The cottage which stood near the current Queensland Parliament House was reputed to be the first privately owned home in Brisbane. It was built in the late 1840s and said to be still standing early in the twentieth century.

Richard James COLEY (almost always referred to as Captain Coley, although his links to the sea are undocumented, except in his obituary) was a well-known merchant in the colony and was appointed the Sergeant-at-Arms of the first Queensland Parliament. This position has responsibility for keeping order in the Assembly and protecting the Speaker. Fortunately the role is ceremonial, because by then Captain Coley was over 60 years old and in failing health.

Any links I could find to such a prominent early citizen of Queensland would be a terrific limb for the family tree.

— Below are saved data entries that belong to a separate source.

(* For all indices $\mathbf k$ and $\mathbf l$, $\zeta^{t,*}_{\mathrm{shift}}(\mathbf k*\mathbf l;T)=\zeta^{t,*}_{\mathrm{shift}}(\mathbf k;T)\,\zeta^{t,*}_{\mathrm{shift}}(\mathbf l;T)$ in $\mathbb R[T][[t]]$.
   Context: $t,T$ are commuting indeterminates. An index is a finite tuple $\mathbf{k}=(k_1,\dots,k_r)$ of positive integers ($r\ge0$), $\mathrm{dep}(\mathbf k)=r$, $\mathrm{wt}(\mathbf k)=\sum k_i$; $\oplus$ is componentwise sum of tuples of equal length and $b\binom{\mathbf{k}}{\mathbf{l}}=\prod_{i}\binom{k_i+l_i-1}{l_i}$. Admissible: empty or $k_r\ge2$; $\zeta(\mathbf k)=\sum_{0<n_1<\cdots<n_r}n_1^{-k_1}\cdots n_r^{-k_r}$. $\mathfrak H=\mathbb Q\langle e_0,e_1\rangle$, $\mathfrak H^1=\mathbb Q+e_1\mathfrak H$, $\mathfrak H^0=\mathbb Q+e_1\mathfrak He_0$, $e_{\mathbf{k}}=e_1e_0^{k_1-1}\cdots e_1e_0^{k_r-1}$. The harmonic product $*$ on $\mathfrak H^1$: bilinear, $1*w=w*1=w$, $we_{(k)}*w'e_{(l)}=(we_{(k)}*w')e_{(l)}+(w*w'e_{(l)})e_{(k)}-(w*w')e_{(k+l)}$. It is transported to formal $\mathbb Q$-linear combinations of indices via the linear bijection $\mathbf k\mapsto(-1)^{\mathrm{dep}(\mathbf k)}e_{\mathbf k}$, and maps on indices are extended linearly. $Z^*_T:\mathfrak H^1\to\mathbb R[T]$ is the unique $\mathbb Q$-algebra homomorphism for $*$ with $Z^*_T(e_{\mathbf k})=(-1)^{\mathrm{dep}(\mathbf k)}\zeta(\mathbf k)$ for admissible $\mathbf k$ and $Z^*_T(e_1)=-T$; $\zeta^*(\mathbf k;T)=(-1)^{\mathrm{dep}(\mathbf k)}Z^*_T(e_{\mathbf k})$. $\zeta^{t,*}_{\mathrm{shift}}(\mathbf{k};T)=\sum_{\mathbf n\in\mathbb Z_{\ge0}^{\mathrm{dep}(\mathbf k)}}b\binom{\mathbf k}{\mathbf n}\zeta^{*}(\mathbf k\oplus\mathbf n;T)(-t)^{\mathrm{wt}(\mathbf n)}$. *)

From HB Require Import structures.
From mathcomp Require Import all_boot all_order all_algebra.
From mathcomp Require Import all_classical all_reals all_analysis.
Set Implicit Arguments. Unset Strict Implicit. Unset Printing Implicit Defensive.
Import Order.TTheory GRing.Theory Num.Theory.
Import numFieldNormedType.Exports.
Local Open Scope ring_scope.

Nevertheless, I reminded myself that manufacturing links to desirable ancestors is not acceptable practice.

Sadly, Richard James COLEY died from a gunshot by his own hand in 1864. The Coroner ruled that it was due to "temporary insanity". An examination of his financial affairs showed the Captain was close to penury and that the famous cottage was heavily mortgaged. His son, also Richard James, died in Roma in 1872, allegedly by taking strychnine.

Perhaps a connection to this COLEY group would not be well-regarded when the family gathered? However, I must press on.

Richard COLEY had arrived in Brisbane in 1842 from van Diemen's Land (Tasmania). He had lived there since 1835 engaged in farming (and perhaps, coastal trading) with his brother-in-law after migrating from Norfolk in England. He was born in London in 1797 to Ann BLINKERN and Richard James COLEY (who had been a merchant Captain).

Since I now know that our proven COLEY ancestors were labourers who left the Black Country of the Midlands to arrive in Moreton Bay in 1866, there is no possibility of a link to the Captain and his famous cottage.

Was the time spent chasing down a negative result wasted? Certainly not, when I have learned so much about the context of the new colony into which our real ancestors moved.

And Coleyville? As always, that is a tale for another time.